2.3 New accounting standards adopted in the period
In the current year the Group has applied IFRS 16 Leases for the
first time. The date of initial application of IFRS 16 for the
Group is 1 May 2019. IFRS 16 introduces new or amended requirements
with respect to lease accounting. It introduces significant changes
to the lessee accounting by removing the distinction between
operating and finance lease, requiring the recognition of a
right-of-use asset and a lease liability at commencement for all
leases, except for short-term leases and leases of low value
assets. In contrast to lessee accounting, the requirements for
lessor accounting have remained largely unchanged.

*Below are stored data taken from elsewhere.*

Lemma measurable_heads k n (G : pred (seq bool)) :
  measurable [set t | G (heads (xi^~ t) k n)].
Proof.
elim: n k G => [|n IH] k G.
  case: (G [::]); first by rewrite -[X in measurable X]/[set` predT] set_true.
  by rewrite -[X in measurable X]/[set` pred0] set_false.
have -> : [set t | G (heads (xi^~ t) k n.+1)] =
    [set t | (xi k t == 1) = true] `&` [set t | G (true :: heads (xi^~ t) k.+1 n)] `|`
    [set t | (xi k t == 1) = false] `&` [set t | G (false :: heads (xi^~ t) k.+1 n)].
  apply/seteqP; split => t /=; rewrite heads_cons; case: (xi k t == 1);
    by [left | right | case=> -[]].
apply: measurableU; apply: measurableI => //.
- exact: IH k.+1 (fun s => G (true :: s)).
- exact: IH k.+1 (fun s => G (false :: s)).
Qed.

Lemma prob_heads_prefix k u : size u = k ->
  P [set t | heads (xi^~ t) 0 k == u] = (\prod_(c <- u) (if c then p else 1 - p))%:E.
Proof.
move=> size_u.
have -> : [set t | heads (xi^~ t) 0 k == u] =
    \bigcap_(i in [set` iota 0 k]) (xi i @^-1` [set v | (v == 1) = nth false u i]).
  apply/seteqP; split => t /=.
    by move=> /eqP <- i; rewrite /= mem_iota => /andP[_ lt_ik]; rewrite nth_mkseq.
  move=> u_t; apply/eqP/(@eq_from_nth _ false); rewrite ?size_mkseq // => i lt_ik.
  by rewrite nth_mkseq // u_t //= mem_iota lt_ik.
rewrite xi_indep ?iota_uniq //; last by move=> i _; apply: measurable_eq1.
rewrite (eq_bigr (fun i => (if nth false u i then p else 1 - p)%:E)); last first.
  by move=> i _; apply: prob_head.
by rewrite prodEFin (big_nth false) size_u /index_iota subn0.
Qed.

Lemma prob_heads_window N k u (F : pred (seq bool)) : size u = k ->
  P ([set t | heads (xi^~ t) 0 k == u] `&` [set t | F (heads (xi^~ t) k N)]) =
    ((\prod_(c <- u) (if c then p else 1 - p)) * Pbits p N F)%:E.
Proof.
elim: N k u F => [|N IH] k u F size_u.
  rewrite /Pbits /=; case: (F [::]) => /=.
    rewrite -[X in _ `&` X]/[set` predT] set_true setIT prob_heads_prefix //.
    by rewrite mulr1n mulr1.
  by rewrite -[X in _ `&` X]/[set` pred0] set_false setI0 measure0 mulr0n mulr0.
pose A (c : bool) := [set t | heads (xi^~ t) 0 k.+1 == rcons u c] `&`
  [set t | F (c :: heads (xi^~ t) k.+1 N)].
have -> : [set t | heads (xi^~ t) 0 k == u] `&` [set t | F (heads (xi^~ t) k N.+1)] =
    A true `|` A false.
  apply/seteqP; rewrite /A; split => t /=; rewrite (heads_rcons _ 0 k) (heads_cons _ k N).
    move=> [/eqP -> Fb]; case: (xi k t == 1) Fb => Fb; [left | right]; by rewrite eqxx.
  by case=> -[/eqP/rcons_inj[-> ->] Fc]; rewrite eqxx.
have measurable_A c : measurable (A c).
  apply: measurableI; first exact: measurable_heads 0 k.+1 (pred1 (rcons u c)).
  exact: measurable_heads k.+1 N (fun s => F (c :: s)).
have disjoint_A : A true `&` A false = set0.
  apply/seteqP; split => t //= -[[/eqP e1 _] [/eqP e2 _]].
  by move: e2; rewrite e1 => /rcons_inj.
have IH_A c : P (A c) = ((\prod_(c <- rcons u c) (if c then p else 1 - p)) *
    Pbits p N (fun s => F (c :: s)))%:E.
  by apply: IH; rewrite size_rcons size_u.
have -> : P (A true `|` A false) = (P (A true) + P (A false))%E by apply: measureU.
rewrite !IH_A -EFinD !big_rcons /=.
by congr EFin; rewrite /Pbits /=; ring.
Qed.

Lemma prob_heads N (F : pred (seq bool)) :
  P [set t | F (heads (xi^~ t) 0 N)] = (Pbits p N F)%:E.
Proof.
have := @prob_heads_window N 0 [::] F erefl; rewrite big_nil mul1r => <-.
by apply: congr1; apply/seteqP; split => t //= -[].
Qed.

End BernoulliHeads.

Lemma all_scanl_headsP (R : nzRingType) (S : Type) (f : S -> bool -> S) (A : pred S) x
    (e : nat -> R) :
  (forall N, all A (scanl f x (heads e 0 N))) <->
  (forall n, (0 < n)%N -> A (foldl f x (heads e 0 n))).
Proof.
split=> [allA [|n] // _ | An N].
  by have := allA n.+1; rewrite heads_rcons scanl_rcons all_rcons -heads_rcons => /andP[].
elim: N => [|N IH] //.
by rewrite heads_rcons scanl_rcons all_rcons -heads_rcons IH An.
Qed.

Lemma foldl_ladder_step_snd x s : (foldl ladder_step x s).2 = last x.2 s.
Proof. by elim: s x => //= c s IH x; rewrite IH. Qed.

Section LadderIncrements.
Variables (R : realType) (e : nat -> R).
Hypothesis e_pm1 : forall k, e k = 1 \/ e k = -1.

Lemma ladder_X_eq k : ladder_X 2 2 e k =
  if e k == 1 then (if (0 < k)%N && (e k.-1 == 1) then 2 else 1) else -1.
Proof.
have neq_pm1 : (1 : R) != -1 by apply/eqP; lra.
rewrite /ladder_X; case: (e_pm1 k) => ek; rewrite ek eqxx; last by rewrite eq_sym (negbTE neq_pm1).
rewrite (negbTE neq_pm1); case: k ek => // k ek /=.
congr (if _ then _ else _); apply/forallP/idP => [all1 | ek1 j].
  by have := all1 (Ordinal (isT : (1 < 2)%N)); rewrite /= subSS subn0.
by case: j => -[|[|//]] /= _; rewrite ?subn0 ?ek ?subSS ?subn0.
Qed.

Lemma ladder_S_heads n :
  ladder_S 2 2 e n = (foldl ladder_step (0, false) (heads e 0 n)).1%:~R.
Proof.
elim: n => [|n IH]; first by rewrite /ladder_S big_ord0.
rewrite /ladder_S big_ord_recr -/(ladder_S 2 2 e n) IH heads_rcons foldl_rcons /=.
set x := foldl ladder_step (0, false) (heads e 0 n).
have x2 : x.2 = (0 < n)%N && (e n.-1 == 1).
  by rewrite /x foldl_ladder_step_snd; case: n {IH x} => // n; rewrite heads_rcons last_rcons.
rewrite ladder_X_eq -x2 /ladder_step; case: (e n == 1); rewrite /= ?intrD ?intrB //.
by case: x.2.
Qed.

Lemma ladder_S_neq0P :
  (forall n, (0 < n)%N -> ladder_S 2 2 e n != 0) <->
  (forall N, all (fun y => y.1 != 0) (scanl ladder_step (0, false) (heads e 0 N))).
Proof.
split=> [avoid | /all_scanl_headsP avoid n n_gt0].
  by apply/all_scanl_headsP => n n_gt0; rewrite -(intr_eq0 R) -ladder_S_heads avoid.
by rewrite ladder_S_heads intr_eq0 avoid.
Qed.

End LadderIncrements.

Lemma sqrt2B1_gt0 (R : rcfType) : 0 < Num.sqrt 2 - 1 :> R.
Proof. by rewrite subr_gt0 -[X in X < _]sqrtr1 ltr_sqrt ?ltr0n ?ltr1n. Qed.

Lemma sqrt2B1_quad (R : rcfType) : (Num.sqrt 2 - 1) ^+ 2 + 2 * (Num.sqrt 2 - 1) = 1 :> R.
Proof. by rewrite sqrrB1 sqr_sqrtr ?ler0n //; ring. Qed.

Unset Implicit Arguments. Set Strict Implicit.

Theorem theorem4p4 (R : realType) (d : measure_display) (T : measurableType d)
  (P : probability T R) (xi : nat -> T -> R) :
  (forall i, measurable_fun setT (xi i)) ->
  mutually_independent P xi ->
  (forall i t, xi i t = 1 \/ xi i t = -1) ->
  (forall i, P [set t | xi i t = 1] = (Num.sqrt 2 - 1)%:E) ->
  P [set t | forall n : nat, (0 < n)%N ->
               ladder_S 2 2 (fun j => xi j t) n != 0] = 0%E.
Proof.
move=> xi_meas xi_indep xi_pm1 xi_p.
pose avoid0 (s : seq bool) := all (fun y => y.1 != 0) (scanl ladder_step (0, false) s).
have -> : [set t | forall n, (0 < n)%N -> ladder_S 2 2 (xi^~ t) n != 0] =
    \bigcap_N [set t | avoid0 (heads (xi^~ t) 0 N)].
  apply/seteqP; split => t /=.
    by move=> /(ladder_S_neq0P (xi_pm1^~ t)) avoid N _; apply: avoid.
  by move=> avoid; apply/(ladder_S_neq0P (xi_pm1^~ t)) => N; apply: avoid.
apply/eqP; rewrite eq_le measure_ge0 andbT; apply/lee_addgt0Pr => e e_gt0.
have [N avoid_le] := ladder_avoid0_vanish (sqrt2B1_gt0 R) (sqrt2B1_quad R) e_gt0.
have measurable_avoid0 n : measurable [set t | avoid0 (heads (xi^~ t) 0 n)].
  exact: measurable_heads.
rewrite add0e; apply: (@le_trans _ _ (P [set t | avoid0 (heads (xi^~ t) 0 N)])).
  exact: le_measure (mem_set (bigcapT_measurable measurable_avoid0))
    (mem_set (measurable_avoid0 N)) (bigcap_inf (i := N) I).
by rewrite (prob_heads xi_meas xi_indep xi_p) lee_fin.
Qed.
(* Let $f\colon X\to X$ be a piecewise $\lambda$-contraction and $x_0\in X$. If $\Omega(f)\cap S(f)=\emptyset$, then $f$ is asymptotically periodic on $Z(f)$.
   Context: $(X,d)$ is a compact metric space whose open balls are connected, with $\mathrm{diam}(X)>0$, and $\lambda\in(0,1)$. A piecewise $\lambda$-contraction $f$: there exist $N\in\mathbb{N}$, open connected pairwise disjoint $A_1,\dots,A_N\subset X$ with dense union $X'$, and bi-Lipschitz $\varphi_i\colon X\to X$ with Lipschitz constant $\le\lambda$, $f|_{A_i}=\varphi_i|_{A_i}$; $S(f)=X\setminus X'$. $x$ is regular of order $n$ if $f^j(x)\notin S(f)$ for $0\le j<n$, regular if for all $n$; $Z(f)$ is the set of regular points. $\mathcal{I}_n(f)$ is the set of tuples $(i_0,\dots,i_{n-1})$ such that some regular point $x$ of order $n$ has $f^j(x)\in A_{i_j}$ for $0\le j<n$. For $\alpha=(i_0,\dots,i_{n-1})$, $\varphi^\alpha=\varphi_{i_{n-1}}\circ\cdots\circ\varphi_{i_0}$ and $\Omega(f)=\bigcap_{m\ge1}\overline{\bigcup_{n\ge m}\{\varphi^\alpha(x_0):\alpha\in\mathcal{I}_n(f)\}}$. $f$ is asymptotically periodic on $Y$ if $\bigcup_{x\in Y}\omega(f,x)$ is a union of finitely many periodic orbits, where $\omega(f,x)=\bigcap_{m\ge1}\overline{\bigcup_{n\ge m}\{f^n(x)\}}$. *)

From Stdlib Require Import Reals List Arith.
Open Scope R_scope.

Section Metric.
Context {X : Type} (d : X -> X -> R).

Definition is_metric : Prop :=
  (forall x y, 0 <= d x y) /\ (forall x y, d x y = 0 <-> x = y) /\
  (forall x y, d x y = d y x) /\ (forall x y z, d x z <= d x y + d y z).

Definition ball (x : X) (r : R) : X -> Prop := fun y => d x y < r.

Definition is_open (U : X -> Prop) : Prop :=
  forall x, U x -> exists r, 0 < r /\ forall y, ball x r y -> U y.

Definition closure (A : X -> Prop) : X -> Prop :=
  fun x => forall r, 0 < r -> exists y, A y /\ d x y < r.

Definition dense (A : X -> Prop) : Prop := forall x, closure A x.

Definition connected (U : X -> Prop) : Prop :=
  forall V W : X -> Prop, is_open V -> is_open W ->
    (forall x, U x -> V x \/ W x) ->
    (exists x, U x /\ V x) -> (exists x, U x /\ W x) ->
    exists x, U x /\ V x /\ W x.

Definition compact_space : Prop :=
  forall (I : Type) (U : I -> X -> Prop), (forall i, is_open (U i)) ->
    (forall x, exists i, U i x) ->
    exists l : list I, forall x, exists i, In i l /\ U i x.

Definition diam_pos : Prop := exists x y, 0 < d x y.

Definition bilip_contr (lam : R) (phi : X -> X) : Prop :=
  (forall x y, d (phi x) (phi y) <= lam * d x y) /\
  exists c, 0 < c /\ forall x y, c * d x y <= d (phi x) (phi y).

(* (N, A, phi) witness that f is a piecewise lam-contraction;
   the pieces are A 0, ..., A (N-1) (paper: A_1, ..., A_N). *)
Definition piecewise_contraction (lam : R) (f : X -> X) (N : nat)
  (A : nat -> X -> Prop) (phi : nat -> X -> X) : Prop :=
  (forall i, (i < N)%nat -> is_open (A i) /\ connected (A i)) /\
  (forall i j x, (i < N)%nat -> (j < N)%nat -> i <> j -> A i x -> A j x -> False) /\
  dense (fun x => exists i, (i < N)%nat /\ A i x) /\
  (forall i, (i < N)%nat -> bilip_contr lam (phi i)) /\
  (forall i x, (i < N)%nat -> A i x -> f x = phi i x).

End Metric.

Section Dyn.
Context {X : Type} (d : X -> X -> R) (f : X -> X) (N : nat)
  (A : nat -> X -> Prop) (phi : nat -> X -> X).

Definition Xprime : X -> Prop := fun x => exists i, (i < N)%nat /\ A i x.
Definition Sf : X -> Prop := fun x => ~ Xprime x.

Definition regular_order (n : nat) (x : X) : Prop :=
  forall j, (j < n)%nat -> ~ Sf (Nat.iter j f x).
Definition Zf : X -> Prop := fun x => forall n, regular_order n x.

(* I_n(f): admissible itineraries of length n, as lists [i_0; ...; i_{n-1}] *)
Definition In_f (n : nat) (alpha : list nat) : Prop :=
  length alpha = n /\
  exists x, regular_order n x /\
    forall j, (j < n)%nat -> (nth j alpha 0%nat < N)%nat /\ A (nth j alpha 0%nat) (Nat.iter j f x).

(* phi^alpha = phi_{i_{n-1}} o ... o phi_{i_0} *)
Definition phi_alpha (alpha : list nat) (x : X) : X :=
  fold_left (fun y i => phi i y) alpha x.

Definition Omega (x0 : X) : X -> Prop :=
  fun y => forall m : nat, closure d
    (fun z => exists n alpha, (m <= n)%nat /\ In_f n alpha /\ z = phi_alpha alpha x0) y.

Definition omega_lim (x : X) : X -> Prop :=
  fun y => forall m : nat, closure d (fun z => exists n, (m <= n)%nat /\ z = Nat.iter n f x) y.

Definition asymptotically_periodic_on (Y : X -> Prop) : Prop :=
  exists ps : list X,
    (forall p, In p ps -> exists q, (1 <= q)%nat /\ Nat.iter q f p = p) /\
    forall y, (exists x, Y x /\ omega_lim x y) <->
              (exists p k, In p ps /\ y = Nat.iter k f p).

End Dyn.

From Stdlib Require Import Reals List Lra Lia Classical.
Open Scope R_scope.

(* Ω is compact and misses S(f), so by the Lebesgue number lemma there is r > 0
   such that every r-ball centred in Ω lies in a single piece A_i.  Ω is then
   f-invariant (a point φ^α(x0) near y ∈ Ω is within λ^n diam X of an orbit
   point f^n(x), which is forced into the piece of y), and on r-balls centred in
   Ω each iterate f^j is a λ^j-contraction.  The orbit of a regular point x
   accumulates at some y ∈ Ω; recurrence of the orbit of y gives c = f^j(y) with
   d(c, f^p(c)) < (1 - λ) r, so the contraction f^p has a fixed point q ∈ Ω near
   c, and the orbit of x is asymptotic to the periodic orbit of q.  Two periodic
   points of Ω at distance < r coincide, hence by compactness there are only
   finitely many of them. *)

Lemma pow_antimono (a : R) (m n : nat) : 0 <= a <= 1 -> (m <= n)%nat -> a ^ n <= a ^ m.
Proof.
  intros Ha Hmn. replace n with (m + (n - m))%nat by lia. rewrite pow_add.
  assert (a ^ (n - m) <= 1) by (rewrite <- (pow1 (n - m)); apply pow_incr; lra).
  pose proof (pow_le a m ltac:(lra)). nra.
Qed.

Lemma pow_mul_eventually_lt (a C eps : R) : 0 <= a < 1 -> 0 <= C -> 0 < eps ->
  exists n0, forall n, (n0 <= n)%nat -> a ^ n * C < eps.
Proof.
  intros Ha HC He.
  destruct (pow_lt_1_zero a ltac:(rewrite Rabs_pos_eq; lra) (eps / (C + 1))) as [n0 Hn0].
  { apply Rdiv_lt_0_compat; lra. }
  exists n0. intros n Hn. specialize (Hn0 n Hn).
  rewrite Rabs_pos_eq in Hn0 by (apply pow_le; lra).
  apply (Rmult_lt_compat_r (C + 1)) in Hn0; [|lra].
  replace (eps / (C + 1) * (C + 1)) with eps in Hn0 by (field; lra).
  pose proof (pow_le a n ltac:(lra)). nra.
Qed.

Lemma finite_positive_min (g : nat -> R) (p : nat) : (forall k, (k < p)%nat -> 0 < g k) ->
  exists m, 0 < m /\ forall k, (k < p)%nat -> m <= g k.
Proof.
  induction p as [|p IH]; intros Hg.
  - exists 1. split; [lra | intros; lia].
  - destruct IH as [m [Hm Hmin]]; [intros k Hk; apply Hg; lia|].
    exists (Rmin m (g p)). split; [apply Rmin_pos; auto|].
    intros k Hk. destruct (Nat.eq_dec k p) as [->|Hne]; [apply Rmin_r|].
    eapply Rle_trans; [apply Rmin_l | apply Hmin; lia].
Qed.

Section CompactMetric.
Variables (X : Type) (d : X -> X -> R).
Hypothesis Hmetric : is_metric d.
Hypothesis Hcompact : compact_space d.

Lemma dist_ge0 x y : 0 <= d x y.
Proof. destruct Hmetric as (H & _). apply H. Qed.

Lemma dist_eq0 x y : d x y = 0 -> x = y.
Proof. destruct Hmetric as (_ & H & _). apply H. Qed.

Lemma dist_xx x : d x x = 0.
Proof. destruct Hmetric as (_ & H & _). apply H. reflexivity. Qed.

Lemma dist_sym x y : d x y = d y x.
Proof. destruct Hmetric as (_ & _ & H & _). apply H. Qed.

Lemma dist_triangle x y z : d x z <= d x y + d y z.
Proof. destruct Hmetric as (_ & _ & _ & H). apply H. Qed.

Definition cluster_point (s : nat -> X) (q : X) : Prop :=
  forall eps, 0 < eps -> forall K, exists j, (K <= j)%nat /\ d q (s j) < eps.

Lemma compact_increasing_cover (P : nat -> X -> Prop) :
  (forall k k' x, (k <= k')%nat -> P k x -> P k' x) ->
  (forall x, exists k rho, 0 < rho /\ forall y, d x y < rho -> P k y) ->
  exists K, forall y, P K y.
Proof.
  intros Hmono Hloc.
  destruct (Hcompact nat (fun k x => exists rho, 0 < rho /\ forall y, d x y < rho -> P k y))
    as [l Hl].
  - intros k x [rho [Hrho H]]. exists (rho / 2). split; [lra|].
    intros y Hy. exists (rho / 2). split; [lra|]. intros z Hz. apply H.
    unfold ball in Hy. pose proof (dist_triangle x y z). lra.
  - intros x. destruct (Hloc x) as [k Hk]. exists k. exact Hk.
  - exists (list_max l). intros y. destruct (Hl y) as [i [Hi [rho [Hrho H]]]].
    apply Hmono with i.
    + assert (Hall : Forall (fun k => (k <= list_max l)%nat) l) by (apply list_max_le; lia).
      rewrite Forall_forall in Hall. auto.
    + apply H. rewrite dist_xx. exact Hrho.
Qed.

Lemma compact_cluster_point (s : nat -> X) : exists q, cluster_point s q.
Proof.
  apply NNPP; intro Hnone.
  assert (Hfar : forall x, exists eps K, 0 < eps /\ forall j, (K <= j)%nat -> eps <= d x (s j)).
  { intro x. apply NNPP; intro H1. apply Hnone. exists x. intros eps He K.
    apply NNPP; intro H2. apply H1. exists eps, K. split; auto. intros j Hj.
    apply Rnot_lt_le. intro H3. apply H2. eauto. }
  destruct (compact_increasing_cover
              (fun k y => forall j, (k <= j)%nat -> (/ 2) ^ k <= d y (s j))) as [K HK].
  - intros k k' y Hk H j Hj.
    eapply Rle_trans; [apply pow_antimono; [lra | exact Hk] | apply H; lia].
  - intros x. destruct (Hfar x) as [eps [K [He H]]].
    destruct (pow_mul_eventually_lt (/ 2) 1 (eps / 2)) as [n0 Hn0]; try lra.
    exists (max K n0), (eps / 2). split; [lra|]. intros y Hy j Hj.
    specialize (H j ltac:(lia)). specialize (Hn0 (max K n0) ltac:(lia)).
    pose proof (dist_triangle x y (s j)). lra.
  - specialize (HK (s K) K (le_n _)). rewrite dist_xx in HK.
    pose proof (pow_lt (/ 2) K ltac:(lra)). lra.
Qed.

Lemma compact_bounded (x0 : X) : exists D, forall x, d x x0 <= D.
Proof.
  destruct (compact_increasing_cover (fun k y => d y x0 <= INR k)) as [K HK].
  - intros k k' y Hk H. pose proof (le_INR k k' Hk). lra.
  - intros x. destruct (INR_unbounded (d x x0 + 1)) as [k Hk].
    exists k, 1. split; [lra|]. intros y Hy.
    pose proof (dist_triangle y x x0). rewrite (dist_sym y x) in H. lra.
  - exists (INR K). exact HK.
Qed.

The Group is not party to any leases where it acts as a lessor,
but the Group does have a number of significant property
leases.
Details of the Group's accounting policies under IFRS 16 are set
out below, followed by a description of the impact of adopting IFRS
16. Significant judgements applied in the adoption of IFRS 16
included determining the lease term for those leases with
termination or extension options and determining an incremental
borrowing rate where the rate implicit in a lease could not be
readily determined.
Accounting policies under IFRS 16 Leases
The Group assesses whether a contract is or contains a lease, at
inception of the contract. The Group recognises a right-of-use
asset and a corresponding lease liability with respect to all lease
arrangements in which it is the lessee, except for short-term
leases (defined as leases with a lease term of 12 months or less)
and leases of low value assets. For these leases, the Group
recognises the lease payments as an operating expense on a
straight-line basis over the term of the lease.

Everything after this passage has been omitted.